Let $n \in \mathbb{N}$ such that n is a non-perfect square. Show that $\sqrt{n}$ is irrational.

Question

Can someone please check my proof?

Let $n \in \mathbb{N}$ such that n is a non-perfect square. Show that $\sqrt{n}$ is irrational.

Let's prove it by contradiction, that is, suppose there are $n,a,b \in \mathbb{N}$ such that $\frac{a}{b}=\sqrt{n}$, n is a non-perfect square and there are no common factors for a and b, that is, they are coprime. n is either even or odd.
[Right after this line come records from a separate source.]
Lemma ball_mass1_cross_le K : (n <= 3 * K + 5)%N ->
  ball_mass n mu 1 (2 * K + 3) * ball_mass n mu 1 K <=
  ball_mass n mu 1 (2 * K + 1) * ball_mass n mu 1 K.+1.
Proof.
move=> nK; rewrite !(ball_mass1 mu_sym).
set m := K.+1.
rewrite (_ : (2 * K + 3).+1 = (2 * m).+2)%N; last lia.
rewrite (_ : (2 * K + 1).+1 = 2 * m)%N; last lia.
have w_ge0 := weight_ge0 mu_gt0.
have S_ge0 := arm_ge0 mu_gt0 0 m.
have split_top : arm n mu 0 (2 * m).+2 = arm n mu 0 (2 * m) + w (2 * m).+1 + w (2 * m).+2.
  by rewrite /arm !big_ord_recr.
have split_mid : arm n mu 0 m.+1 = arm n mu 0 m + w m.+1 by rewrite /arm big_ord_recr.
have halves : arm n mu 0 (2 * m) = arm n mu 0 m + \sum_(i < m) w (m + i).+1.
  by rewrite /arm mul2n -addnn big_split_ord.
have top_le : w (2 * m).+1 * arm n mu 0 m <= w m.+1 * \sum_(i < m) w (m + i).+1.
  rewrite /arm (reindex_inj rev_ord_inj) !mulr_sumr; apply: ler_sum => i _ /=.
  have im := ltn_ord i; rewrite add0n (_ : (m - i.+1).+1 = m - i)%N; last lia.
  by apply: weight_cross_le; lia.
have last_le : w (2 * m).+2 <= w m.+1.
  have [short|long] := ltnP n (2 * m).+2; first by rewrite weight_out.
  by rewrite -(weight_sym mu_sym); [apply: weight_le_mid | ]; lia.
have := ler_wpM2r S_ge0 last_le.
rewrite split_top split_mid halves; lra.
Qed.

Lemma doubling_ratio1_step K : (0 < n)%N -> (n <= 3 * K + 5)%N ->
  doubling_ratio n mu 1 K.+1 <= doubling_ratio n mu 1 K.
Proof.
move=> n_gt0 nK; have pos r : 0 < ball_mass n mu 1 r by apply: ball_mass_gt0 => //; lia.
rewrite /doubling_ratio ler_pdivrMr // mulrAC ler_pdivlMr //.
by rewrite (_ : 2 * K.+1 + 1 = 2 * K + 3)%N; [apply: ball_mass1_cross_le | lia].
Qed.

Lemma doubling_ratio1_anti K d : (0 < n)%N -> (n <= 3 * K + 5)%N ->
  doubling_ratio n mu 1 (K + d) <= doubling_ratio n mu 1 K.
Proof.
move=> n_gt0 nK; elim: d => [|d IHd]; first by rewrite addn0.
by rewrite addnS; apply: le_trans IHd; apply: doubling_ratio1_step; lia.
Qed.

End ConcaveWeights.

Section DoublingBound.
Variables (R : realType) (n : nat) (mu : nat -> R) (B : R).
Hypotheses (mu_gt0 : is_measure n mu) (mu_sym : is_symmetric n mu).
Hypotheses (B_le3 : B <= 3) (mu_nbr : neighbours_le n mu (B - 1)).

Lemma neighbours_le2 : neighbours_le n mu 2.
Proof.
move=> i i_lt; apply: le_trans (mu_nbr i_lt) _.
by apply: ler_wpM2r; [exact: weight_ge0 | have := B_le3; lra].
Qed.

Lemma ball_mass_interior x k : (k < x)%N -> (x + k <= n)%N ->
  ball_mass n mu x (2 * k + 1) <= B * ball_mass n mu x k.
Proof.
move=> kx xk.
have arm_le y : (k < y)%N -> (y + k <= n)%N ->
    arm n mu y (2 * k + 1) <= weight n mu (y + 1) + B * arm n mu y k.
  move=> ky yk; rewrite /arm.
  apply: (sum_doubling_le (a := fun j => weight n mu (y + j))) => i ik.
    by rewrite !addnS; apply: mu_nbr; lia.
  rewrite /= [(y + i.+1)%N]addnS (_ : y + (k + i).+2 = (y + i).+1 + k.+1)%N; last lia.
  by apply: (weight_shift_le mu_gt0 neighbours_le2); lia.
have center : weight n mu (n.+1 - x + 1) + weight n mu (x + 1) <= (B - 1) * weight n mu x.
  rewrite -(weight_mirror mu_sym); last lia.
  by rewrite subn1 addn1; have := @mu_nbr x.-1; rewrite prednK; [apply; lia | lia].
have := arm_le x kx xk; have := arm_le (n.+1 - x)%N ltac:(lia) ltac:(lia).
by rewrite !(ball_massE mu_sym); [lra | lia | lia].
Qed.

Hypothesis n_ge3 : (3 <= n)%N.
Hypothesis ratio1_small :
  forall K, (K < ceil_div (n - 2) 3)%N -> doubling_ratio n mu 1 K <= B.

Lemma doubling_ratio1_le K : doubling_ratio n mu 1 K <= B.
Proof.
have [small|large] := ltnP K (ceil_div (n - 2) 3); first exact: ratio1_small.
have [c_gt0 nc] : (0 < ceil_div (n - 2) 3)%N /\ (n <= 3 * (ceil_div (n - 2) 3).-1 + 5)%N.
  by rewrite /ceil_div; split; lia.
rewrite -(subnKC (leq_trans (leq_pred _) large)).
apply: le_trans (doubling_ratio1_anti _ _ neighbours_le2 _ _ _) (ratio1_small _) => //.
- lia.
- by rewrite prednK.
Qed.

Lemma doubling_ratio_le x k : (1 <= x <= n)%N -> doubling_ratio n mu x k <= B.
Proof.
have near_end y : (1 <= y <= n)%N -> (y <= k)%N -> doubling_ratio n mu y k <= B.
  move=> y_in yk; apply: le_trans (doubling_ratio1_le (y + k).-1).
  by apply: (doubling_ratio_le_at1 mu_gt0); lia.
move=> x_in; have [xk|kx] := leqP x k; first exact: near_end.
have [xkn|nxk] := leqP (x + k) n.
  by rewrite /doubling_ratio ler_pdivrMr ?ball_mass_gt0 //; apply: ball_mass_interior.
by rewrite (doubling_ratio_sym mu_sym); [apply: near_end | ]; lia.
Qed.

End DoublingBound.

Section SupremumBounds.
Variables (R : realType) (n : nat) (mu : nat -> R).
Hypothesis mu_gt0 : is_measure n mu.

Lemma doubling_ratio_bounded :
  exists M : R, forall x k, (1 <= x <= n)%N -> doubling_ratio n mu x k <= M.
Proof.
exists (ball_mass n mu 1 n * \sum_(1 <= y < n.+1) (mu y)^-1) => x k x_in.
have mux_gt0 := mu_gt0 x_in.
have inv_le : (mu x)^-1 <= \sum_(1 <= y < n.+1) (mu y)^-1.
  rewrite (bigD1_seq x) ?mem_index_iota ?iota_uniq //= lerDl big_seq_cond.
  by apply: sumr_ge0 => y /andP[/[!mem_index_iota] /mu_gt0 /ltW]; rewrite invr_ge0.
have num_le : ball_mass n mu x (2 * k + 1) <= ball_mass n mu 1 n.
  by apply: ball_mass_le => // y y_in _; rewrite /pdist; lia.
have den_ge : mu x <= ball_mass n mu x k.
  have <- : ball_mass n mu x 0 = mu x by rewrite ball_mass0 /weight x_in.
  by apply: ball_mass_le => // y _; rewrite /pdist; lia.
rewrite /doubling_ratio; apply: le_trans (_ : _ <= ball_mass n mu 1 n / mu x) _.
  rewrite ler_pdivrMr ?ball_mass_gt0 // mulrAC ler_pdivlMr //.
  by apply: ler_pM => //; apply/ltW; [apply: ball_mass_gt0 |].
by apply: ler_wpM2l => //; apply/ltW/ball_mass_gt0 => //; lia.
Qed.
Suppose n is even, that means $n=2k$ for some $k \in \mathbb{N}$. Therefore:
$$
\begin{align*}
\frac{a^2}{b^2}&=2k\\
a^2 &= 2k\cdot b^2 = 2(k\cdot b^2)
\end{align*}
$$
Which means that $a^2$ is even and therefore a is even and that means that there is some $j\in \mathbb{N}$ such that $a=2j$. Plugging in that value for a:
$$
\begin{align*}
\frac{2j}{b^2}&=2k\\
4j^2 &= 2k\cdot b^2 \rightarrow b^2 = 2\big(\frac{2j^2}{k}\big)
\end{align*}
$$
Using the same reasoning b is also even. That contradicts the fact that a and b are coprime and therefore $\sqrt{n}$ is irrational.

Now suppose n is odd, that means that $n=2k+1$ for some $k\in \mathbb{N}$. Therefore:
$$
\begin{align*}
\frac{a^2}{b^2}&=2k+1\\
a^2 &= (2k+1)\cdot b^2 \rightarrow (2k+1)|a^2
\end{align*}
$$
Since $(2k+1)|a^2$ we can conclude that $a^2 = q(2k+1)$. Plugging in that value for a:
$$
\begin{align*}
\frac{q(2k+1)}{b^2}&=2k+1\\
q(2k+1) &= (2k+1)\cdot b^2 \rightarrow q=b^2
\end{align*}
$$
That way q is a common factor for a and b, which contradicts the fact that they are coprime, hence $\sqrt{n}$ is irrational.

---

Is my reasoning correct? I've seen easier and shorter proofs, by I tried to generalize the reasoning that I used to prove that $\sqrt{2}$ and $\sqrt{3}$ are irrational…

Thank you for reading it!

Answer 1

As the comments suggest, you overanalyze. If $\frac{a}{b}=\sqrt{n}$ then $\frac{a^2}{b^2}=n$ and $a^2=nb^2$. Thus, as with the cases of $2$ and $3$, $n\mid a^2$. Now, for every prime factor $p_i$ of $n$, if $p_i\mid a^2$, then $p_i\mid a$. Thus $(p_i)^2\mid a^2$. Remove that $p_i$ from each occurrence of $n$ and $a$, and you are left with the fact that $\frac{n}{p_i}\mid \frac{a^2}{(p_i)^2}$. Repeat for every other prime factor of $n$ to arrive at the fact if $n\mid a^2$ then $n\mid a$. So $a=kn,a^2=k^2n^2$, and from here the proof is the same as for $2$ and $3$ in that you can show that $n$ must be a factor of $b$.